FDA Status: Pre-Market Approval (PMA) P230043, approved October 4, 2024; launched March 2025

Biomarkers Measured (5 total):

  • DNA methylation (3 markers): LASS4, LRRC4, PPP2R5C
  • Reference gene (1 marker): ZDHHC1
  • Protein (1 marker): Hemoglobin via enhanced bead-based immunoassay

Clinical Performance: BLUE-C study (n=20,176) demonstrated 95% CRC sensitivity, 43.4% advanced precancerous lesion sensitivity, and 94% specificity. Achieves 40% reduction in false positives versus original Cologuard.

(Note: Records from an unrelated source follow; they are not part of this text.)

(* Let $\mathbb F$ be an algebraically closed field of characteristic not two. Every finite-dimensional associative algebra $R$ (without identity) over $\mathbb F$ with $R^3=0$ and $\dim R^2=2$ is isomorphic to exactly one algebra on $\mathbb F^{2+n}$, for some $n\ge 2$, with multiplication \[ uv=\left(u^T\begin{bmatrix}0_2&0\\0&A\end{bmatrix}v,\ u^T\begin{bmatrix}0_2&0\\0&B\end{bmatrix}v,\ 0,\dots,0\right)^T \] given by $n$-by-$n$ matrices $A$ and $B$ that are linearly independent (i.e. $aA+bB=0$ implies $a=b=0$). The pair $(A,B)$ is determined by $R$ uniquely up to congruence $(A,B)\mapsto(S^TAS,S^TBS)$ ($S$ nonsingular) and linear substitutions $(A,B)\mapsto(r_{11}A+r_{12}B,\ r_{21}A+r_{22}B)$ with $[r_{ij}]$ nonsingular.
   Context: An algebra without identity is a finite-dimensional vector space $R$ over $\mathbb F$ with a bilinear associative multiplication; $R^2$ (resp. $R^3$) is the subspace spanned by all products $uv$ (resp. $uvw$). Here $0_2$ is the $2\times 2$ zero matrix and vectors of $\mathbb F^{2+n}$ are columns. *)

From HB Require Import structures.
From mathcomp Require Import all_boot all_order all_algebra.
Set Implicit Arguments. Unset Strict Implicit. Unset Printing Implicit Defensive.
Import GRing.Theory.
Local Open Scope ring_scope.

Definition is_assoc_algebra (F : fieldType) (V : vectType F) (mul : V -> V -> V) :=
  [/\ (forall (a : F) (u v w : V), mul (a *: u + v) w = a *: mul u w + mul v w),
      (forall (a : F) (u v w : V), mul w (a *: u + v) = a *: mul w u + mul w v) &
      (forall u v w : V, mul (mul u v) w = mul u (mul v w))].

Definition is_R2 (F : fieldType) (V : vectType F) (mul : V -> V -> V)
  (U : {vspace V}) :=
  (forall u v, mul u v \in U) /\
  (forall W : {vspace V}, (forall u v, mul u v \in W) -> (U <= W)%VS).

Definition R3_zero (F : fieldType) (V : vectType F) (mul : V -> V -> V) :=
  forall u v w : V, mul (mul u v) w = 0.

Definition alg_iso (F : fieldType) (V1 V2 : vectType F)
  (mul1 : V1 -> V1 -> V1) (mul2 : V2 -> V2 -> V2) :=
  exists f : V1 -> V2,
    [/\ (forall (a : F) (u v : V1), f (a *: u + v) = a *: f u + f v),
        bijective f &
        (forall u v : V1, f (mul1 u v) = mul2 (f u) (f v))].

Technology: Next-generation LQAS (Long-probe Quantitative Amplified Signal) with bisulfite conversion

Blood-based Colorectal Cancer Screening Test

IN DEVELOPMENT

FDA Status: PMA submission expected H1 2025. Exact Sciences also holds exclusive US license to Freenome's blood-based CRC test (PMA submitted, pending approval)

Biomarkers:

  • cfDNA/Methylation: DNA methylation signatures at single-base resolution from circulating cell-free DNA
  • Multiomics platform: Epigenomic and potentially proteomic biomarkers
  • Machine learning: AI-based models to detect cancer-specific signals

Target Market: 60 million unscreened Americans as alternative to colonoscopy or stool-based tests

Performance: Internal algorithm: 88.3% CRC sensitivity, 31.2% APL sensitivity at 90.1% specificity. Freenome PREEMPT: 81.1% CRC sensitivity, 13.7% APL sensitivity at 90.4% specificity

Oncodetect - Molecular Residual Disease Test

LDT - MEDICARE COVERED

FDA Status: Laboratory Developed Test (LDT), NOT FDA-approved. Launched April 2025 with Medicare coverage through MolDX program for stage II-IV CRC

Technology:

  • Circulating tumor DNA (ctDNA): Tumor-informed personalized test tracking up to 200 patient-specific tumor variants
  • Ultra-sensitive detection: Low limit of detection of 15 parts per million (0.0015% tumor fraction); observed detection down to 2 parts per million in clinical validation studies
  • Platform: Licensed TARDIS technology from TGen/Broad Institute with TwinStrand Duplex Sequencing

Clinical Impact: Alpha-CORRECT study showed 78% post-surgical sensitivity, 91% surveillance sensitivity. Detects recurrence up to 2 years earlier than imaging. Patients with positive ctDNA detection are 50× more likely to experience recurrence.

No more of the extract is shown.